With his knee healed, Stamkos returned in 2017/18 and scored at least one point in his first 11 games. He finished the year with 27 goals and 59 assists for 86 points and added 16 points in 17 playoff contests. Tampa was eliminated in the Eastern Conference Final though by eventual Stanley Cup champions the Washington Capitals.
Stamkos has starred for Canada in many international events and won a gold medal at the 2008 World Junior Championships and the 2016 World Championships. He also helped his nation win the 2016 World Cup of Hockey.
The Lightning captain is an excellent sharpshooter, has brilliant hand-to-eye coordination and is a power-play specialist with a knack for scoring big goals. He isn’t afraid of the rough stuff, but sometimes pays the price with injuries.
Shot: When you think of Stamkos, you think of his blistering one-timer from the left circle. That laser is indeed phenomenal and has led to a truckload of power-play goals throughout his career, but he possesses a great wrist shot that he can unleash in stride as well. He’s among the rare breed of finishers who can regularly beat goaltenders on clean looks.
Skating: Despite a slew of injuries, Stamkos remains a terrific skater who commands the respect of opposing defenses. Since he can convert from distance, blueliners aren’t entirely sure whether to stand their ground or back off in order to protect the house.
Versatility: Tampa Bay’s captain was drafted as a center, but he’s spent plenty of time as a winger lately.
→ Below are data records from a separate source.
Lemma i_half (R : realType) : ('i / 2%:R : R[i]) = Complex 0 (2^-1).
Proof.
apply: (@mulIf _ 2%:R); first by rewrite pnatr_eq0.
rewrite mulfVK ?pnatr_eq0 //; apply/eqP; rewrite eq_complex /=.
by apply/andP; split; apply/eqP; rewrite ?mulr0n ?mulr1n /=; field; rewrite ?pnatr_eq0.
Qed.

Lemma boundary_form_identity (R : realType) (p0 p1 q0 q1 P1 P2 Q1 Q2 X Y : R[i]) :
  X + Y = p1 * conjc q1 - p0 * conjc q0 ->
  'i * X + (p0 - 'i / 2%:R * P1) * conjc Q1 + (p1 + 'i / 2%:R * P2) * conjc Q2
  - conjc ('i * conjc Y + (q0 - 'i / 2%:R * Q1) * conjc P1 + (q1 + 'i / 2%:R * Q2) * conjc P2)
  = 'i * ((p1 + 'i * P2) * conjc (q1 + 'i * Q2) - (p0 - 'i * P1) * conjc (q0 - 'i * Q1)).
Proof.
move=> /(canRL (addrK Y)) ->.
rewrite i_half; case: p0 p1 q0 q1 P1 P2 Q1 Q2 Y => [? ?] [? ?] [? ?] [? ?] [? ?] [? ?] [? ?] [? ?] [? ?].
by apply/eqP; rewrite eq_complex /=; apply/andP; split; apply/eqP; field.
Qed.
Life on the flanks may actually suit him better, as he can focus more on getting open than driving the play. Stamkos’ plug-and-play nature means head coach Jon Cooper has a wealth of lineup options available to him.
Durability: Unfortunately, Stamkos has been plagued by injuries since the 2013-14 campaign. He’s just had awful luck in the health department. Case in point: He had to watch his Lightning win the Stanley Cup in 2019-20 after suiting up for just one postseason contest.
Follower: While he’s a 31-year-old veteran with proven goal-scoring chops, Stamkos isn’t the sort of on-ice leader whose play galvanizes his club. He won’t put the team on his back and single-handedly carry it to victory. It isn’t in his DNA. In a big-game setting, he becomes a top-tier complementary piece rather than the straw that stirs the drink.